Mediation is administered by the Mediation Centre of Europe, of the Mediterranean and of the Middle East (CEM) under its Mediation Rules.
Many litigants take the view that, if the dispute can be settled, they can do it themselves with their counsel. If they fail, nobody else could achieve that.
This approach disregards that each party and its Counsel are inevitably one sided and will rarely identify their week sides and their consequences.
Abandoning so soon attempts to settle the matter, will frequently bring a party to waive its claim or to litigate it before state courts or an arbitral tribunal. This will absorb relevant costs, frequently out of proportion with the dispute, human resources and time.
CEM firmly believes that before resorting the litigation, it is in the interest of the parties to try once more to settle, by asking this institution to appoint a mediator whose task is not to decide the case but to understand the parties, to discuss even repeatedly with each of them separately their strong and week points and their consequences and by treating in strict confidence all what a party does not wish to be known by the other one, and to try as much as possible to approach them, in order that the dispute may be settled.

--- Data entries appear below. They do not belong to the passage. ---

Lemma m_I_eq_M_I_of_supI_equiv {C : R} : 0 <= C -> supI_equiv C -> m_I I = M_I I.
Proof.
move=> C0 hC; apply/seteqP; split => f [Mf f_fin]; split => //.
- apply: le_lt_trans (norm_equiv_of_supI_equiv C0 hC f Mf).1 _.
  by apply: lte_mul_pinfty; rewrite ?lee_fin.
- apply: le_lt_trans (norm_equiv_of_supI_equiv C0 hC f Mf).2 _.
  by apply: lte_mul_pinfty; rewrite ?lee_fin.
Qed.

End supI.

Section hardy.
Context {R : realType}.
Local Notation mu := (@lebesgue_measure R).
Variable I : R -> R.
Hypothesis I_gt0 : forall s, I01 s -> 0 < I s.
Hypothesis I_nondecr : forall s t, I01 s -> I01 t -> s <= t -> I s <= I t.

Lemma invI_ge0 {s : R} : I01 s -> (0 <= ((I s)^-1)%:E)%E.
Proof. by move=> s01; rewrite lee_fin invr_ge0 ltW ?I_gt0. Qed.

Lemma invI_nonincreasing : {in I01 &, nonincreasing_fun (fun s => ((I s)^-1)%:E)}.
Proof.
move=> s u; rewrite !inE => s01 u01 su.
by rewrite lee_fin lef_pV2 ?posrE ?I_gt0 ?I_nondecr.
Qed.

Lemma measurable_invI : measurable_fun I01 (fun s => ((I s)^-1)%:E).
Proof.
by apply: measurable_fun_nonincreasing; [exact: interval_is_interval | exact: invI_nonincreasing].
Qed.

Lemma supI_ge0 (g : R -> \bar R) t : I01 t -> (forall s, (0 <= g s)%E) ->
  (0 <= supI I g t)%E.
Proof.
move=> t01 g0; apply: le_trans (supI_ub I g (I0tc_id (I01_gt0 t01))).
by rewrite mule_ge0 // lee_fin ltW ?I_gt0.
Qed.

Lemma le_supI (g h : R -> \bar R) t : I01 t ->
  (forall s, I0tc t s -> (g s <= h s)%E) -> (supI I g t <= supI I h t)%E.
Proof.
move=> t01 gh; apply: ge_ereal_sup => _ [s st <-].
have s01 := I0tc_sub_I01 t01 _ st.
by apply: le_trans (supI_ub I h st); apply: lee_wpmul2l (gh s st); rewrite lee_fin ltW ?I_gt0.
Qed.

Lemma fstar_le_supI_invI (f : R -> \bar R) t u : I01 t -> I0tc t u ->
  (fstar f u <= supI I (fstar f) t * ((I u)^-1)%:E)%E.
Proof.
move=> t01 ut; have u01 := I0tc_sub_I01 t01 _ ut.
have := lee_wpmul2r (invI_ge0 u01) (supI_ub I (fstar f) ut).
by rewrite muleAC -EFinM mulfV ?gt_eqF ?I_gt0 // mul1e.
Qed.

Lemma supI_fstarstar_le (f : R -> \bar R) {C t : R} : hardy_condition I C -> I01 t ->
  (supI I (fstarstar f) t <= C%:E * supI I (fstar f) t)%E.
Proof.
move=> hC t01; set S := supI I (fstar f) t.
have S0 : (0 <= S)%E by apply: supI_ge0 => // s; apply: fstar_ge0.
apply: ge_ereal_sup => _ [s st <-].
have s01 := I0tc_sub_I01 t01 _ st; have s0 := I01_gt0 s01; have Is0 := I_gt0 _ s01.
have st_le : s <= t by move: st; rewrite /I0tc /= in_itv => /andP[].
have I0s_sub : I0t s `<=` I01 := subset_trans (I0t_sub_I0tc (lexx s)) (I0tc_sub_I01 s01).
have minvI : measurable_fun (I0t s) (fun u => ((I u)^-1)%:E).
  exact: measurable_funS (measurable_itv _) I0s_sub measurable_invI.
have int_le : (\int[mu]_(u in I0t s) fstar f u <= S * (C * (s / I s))%:E)%E.
  apply: le_trans (_ : \int[mu]_(u in I0t s) (S * ((I u)^-1)%:E) <= _)%E.
    apply: ge0_le_integral => //.
    - exact: measurable_itv.
    - by move=> u _; apply: fstar_ge0.
    - by apply: measurable_fstar; exact: interval_is_interval.
    - exact: (emeasurable_funM (f := cst S)) minvI.
    - by move=> u us; apply: fstar_le_supI_invI t01 _; exact: I0t_sub_I0tc st_le _ us.
  rewrite ge0_integralZl //.
  - exact/lee_wpmul2l/hC.
  - exact: measurable_itv.
  - by move=> u us; apply: invI_ge0; apply: I0s_sub.
apply: le_trans (_ : (I s)%:E * ((s^-1)%:E * (S * (C * (s / I s))%:E)) <= _)%E.
  apply: lee_wpmul2l; first by rewrite lee_fin ltW.
  by apply: lee_wpmul2l int_le; rewrite lee_fin invr_ge0 ltW.
rewrite [((s^-1)%:E * _)%E]muleCA [((I s)%:E * _)%E]muleCA -!EFinM muleC.
have -> : I s * (s^-1 * (C * (s / I s))) = C by field; rewrite ?gt_eqF.
by [].
Qed.

Lemma supI_fstar_le_supI_fstarstar (f : R -> \bar R) {t : R} : I01 t ->
  (supI I (fstar f) t <= supI I (fstarstar f) t)%E.
Proof.
move=> t01; apply: le_supI => // s st.
exact: fstar_le_fstarstar (I01_gt0 (I0tc_sub_I01 t01 _ st)).
Qed.

Lemma supI_equiv_of_hardy {C : R} : hardy_condition I C -> supI_equiv I (Num.max C 1).
Proof.
move=> hC f _ t t01.
have S0 : (0 <= supI I (fstar f) t)%E by apply: supI_ge0 => // s; apply: fstar_ge0.
split.
- apply: le_trans (supI_fstarstar_le f hC t01) _.
  by apply: lee_wpmul2r => //; rewrite lee_fin le_max lexx.
- apply: le_trans (supI_fstar_le_supI_fstarstar f t01) _.
  rewrite -[X in (X <= _)%E]mul1e; apply: lee_wpmul2r.
    exact: le_trans S0 (supI_fstar_le_supI_fstarstar f t01).
  by rewrite lee_fin le_max lexx orbT.
Qed.

Definition hardy_test (t : R) : R -> \bar R :=
  fun x => if x < t then ((I x)^-1)%:E else 0%E.

Lemma hardy_test_ge0 t x : I01 x -> (0 <= hardy_test t x)%E.
Proof. by move=> x01; rewrite /hardy_test; case: ifP => _; rewrite ?invI_ge0. Qed.

Lemma Mplus_hardy_test t : Mplus (hardy_test t).
Proof.
split; last by move=> x; apply: hardy_test_ge0.
apply: measurable_fun_nonincreasing; first exact: interval_is_interval.
move=> x y x01 y01 xy; rewrite /hardy_test; case: (ltP y t) => yt.
- by rewrite (le_lt_trans xy yt); apply: invI_nonincreasing.
- by move: x01; rewrite inE => /(hardy_test_ge0 t).
Qed.

Lemma fstar_hardy_test_le {t s : R} : I01 t -> I0tc t s ->
  (fstar (hardy_test t) s <= ((I s)^-1)%:E)%E.
Proof.
move=> t01 st; have s01 := I0tc_sub_I01 t01 _ st.
apply: ereal_inf_lbound; exists (I s)^-1 => //; split; first by rewrite invr_ge0 ltW ?I_gt0.
rewrite /distf -(lebesgue_measure_I0t s (I01_gt0 s01)).
apply: le_measure; rewrite ?inE.
- apply: emeasurable_fun_o_infty; [exact: measurable_itv | exact: (Mplus_hardy_test t).1].
- exact: measurable_itv.
move=> x [x01 /=]; rewrite /hardy_test; case: ifP => _; last first.
  by rewrite lte_fin ltNge invr_ge0 ltW ?I_gt0.
rewrite lte_fin ltf_pV2 ?posrE ?I_gt0 // => Ix_lt_Is.
rewrite /I0t /= in_itv /= (I01_gt0 x01) /= ltNge; apply: contraTN Ix_lt_Is => sx.
by rewrite -leNgt I_nondecr.
Qed.

Lemma le_fstar_hardy_test {t s u : R} : I01 t -> 0 < s -> s < u -> u < t ->
  (((I u)^-1)%:E <= fstar (hardy_test t) s)%E.
Proof.
move=> t01 s0 su ut; have u0 := lt_trans s0 su.
have u01 : I01 u by apply: (I0tc_sub_I01 t01); rewrite /I0tc /= in_itv /= u0 ltW.
apply: le_ereal_inf_tmp => _ [l [l0 dl] <-]; rewrite leNgt; apply/negP => l_lt.
have : (mu (I0tc u) <= distf (hardy_test t) l)%E.
  apply: le_measure; rewrite ?inE.
  - exact: measurable_itv.
  - apply: emeasurable_fun_o_infty; [exact: measurable_itv | exact: (Mplus_hardy_test t).1].
  move=> x xu; have x01 := I0tc_sub_I01 u01 _ xu.
  have xu_le : x <= u by move: xu; rewrite /I0tc /= in_itv => /andP[].
  split => //=; rewrite /hardy_test (le_lt_trans xu_le ut).
  by apply: lt_le_trans l_lt _; apply: invI_nonincreasing; rewrite ?inE.
rewrite /I0tc lebesgue_measure_itv /= lte_fin u0 sube0.
by move=> /le_trans/(_ dl); rewrite lee_fin leNgt su.
Qed.

Lemma supI_fstar_hardy_test_le1 t : I01 t -> (supI I (fstar (hardy_test t)) t <= 1)%E.
Proof.
move=> t01; apply: ge_ereal_sup => _ [s st <-].
have Is0 := I_gt0 _ (I0tc_sub_I01 t01 _ st).
apply: le_trans (lee_wpmul2l _ (fstar_hardy_test_le t01 st)) _; first by rewrite lee_fin ltW.
by rewrite -EFinM mulfV ?gt_eqF.
Qed.

Lemma integral_invI_le_fstar_hardy_test t : I01 t ->
  (\int[mu]_(x in I0t t) ((I x)^-1)%:E <=
   \int[mu]_(x in I0t t) fstar (hardy_test t) x)%E.
Proof.
move=> t01.
have I0t_sub : I0t t `<=` I01 := subset_trans (I0t_sub_I0tc (lexx t)) (I0tc_sub_I01 t01).
set J := [set s | I0t t s /\ (fstar (hardy_test t) s < ((I s)^-1)%:E)%E].
have cJ : countable J.
  apply: (@countable_lt_right_lbound _ (I0t t) (fstar (hardy_test t)) (fun s => (I s)^-1)).
  move=> x y; rewrite /I0t /= !in_itv /= => /andP[x0 _] /andP[_ yt] xy.
  exact: le_fstar_hardy_test.
apply: ae_ge0_le_integral.
- exact: measurable_itv.
- by move=> x /I0t_sub; apply: invI_ge0.
- exact: measurable_funS (measurable_itv _) I0t_sub measurable_invI.
- by move=> x _; apply: fstar_ge0.
- by apply: measurable_fstar; exact: interval_is_interval.
exists J; split.
- by apply: countable_measurable => //; exact: measurable_set1.
- exact: countable_lebesgue_measure0.
by move=> x /= /not_implyP [xt /negP]; rewrite -ltNge.
Qed.

Lemma hardy_of_supI_equiv {C : R} : 0 <= C -> supI_equiv I C -> hardy_condition I C.
Proof.
move=> C0 hC t t01; have t0 := I01_gt0 t01; have It0 := I_gt0 _ t01.
apply: le_trans (integral_invI_le_fstar_hardy_test t t01) _.
set F := (\int[mu]_(x in I0t t) fstar (hardy_test t) x)%E.
have IF_le : ((I t)%:E * ((t^-1)%:E * F) <= C%:E)%E.
  apply: le_trans (supI_ub I (fstarstar (hardy_test t)) (I0tc_id t0)) _.
  apply: le_trans (hC _ (Mplus_hardy_test t) t t01).1 _.
  rewrite -[leRHS]mule1; apply: lee_wpmul2l; first by rewrite lee_fin.
  exact: supI_fstar_hardy_test_le1.
have -> : F = ((t / I t)%:E * ((I t)%:E * ((t^-1)%:E * F)))%E.
  rewrite !muleA -!EFinM.
  have -> : t / I t * I t / t = 1 by field; rewrite ?gt_eqF.
  by rewrite mul1e.
rewrite [C * _]mulrC EFinM; apply: lee_wpmul2l IF_le.
by rewrite lee_fin divr_ge0 ?ltW.
Qed.

End hardy.

Theorem proposition3p6 (R : realType) (I : R -> R)
  (I_range : forall s, I01 s -> 0 < I s < 1)
  (I_nondecr : forall s t, I01 s -> I01 t -> s <= t -> I s <= I t) :
  let condA := exists C : R, 0 < C /\
      forall t, I01 t ->
        (\int[@lebesgue_measure R]_(s in I0t t) ((I s)^-1)%:E
           <= (C * (t / I t))%:E)%E in
  let condB := exists C : R, 0 < C /\
      forall f : R -> \bar R, Mplus f -> forall t, I01 t ->
        (supI I (fstarstar f) t <= C%:E * supI I (fstar f) t)%E /\
        (supI I (fstar f) t <= C%:E * supI I (fstarstar f) t)%E in
  (condA <-> condB) /\
  (condA ->
     m_I I = M_I I /\
     exists C : R, 0 < C /\
       forall f : R -> \bar R, Mplus f ->
         (norm_MI I f <= C%:E * norm_mI I f)%E /\
         (norm_mI I f <= C%:E * norm_MI I f)%E).
Proof.
move=> condA condB.
have I_gt0 s : I01 s -> 0 < I s by move=> /I_range /andP[].
have condA_B : condA -> condB.
  case=> C [C0 hC]; exists (Num.max C 1); split; first by rewrite lt_max C0.
  exact: supI_equiv_of_hardy I_gt0 I_nondecr _ hC.
split; first split => //.
- case=> C [C0 hC]; exists C; split => //.
  exact: hardy_of_supI_equiv I_gt0 I_nondecr _ (ltW C0) hC.
- move=> /condA_B [C [C0 hC]]; split; first exact: m_I_eq_M_I_of_supI_equiv (ltW C0) hC.
  by exists C; split => //; apply: norm_equiv_of_supI_equiv (ltW C0) hC.
Qed.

It has been nicely said that, in order to achieve this, the mediator must induce the parties to change their initial approach to the dispute.
It is recommended to the parties to select the standard agreement of this institution to mediate and – if unsuccessful – to arbitrate the dispute.
The parties are offered a short mediation and arbitration clause while a longer one which deals with several important and delicate other issues is also available to more sophisticated users.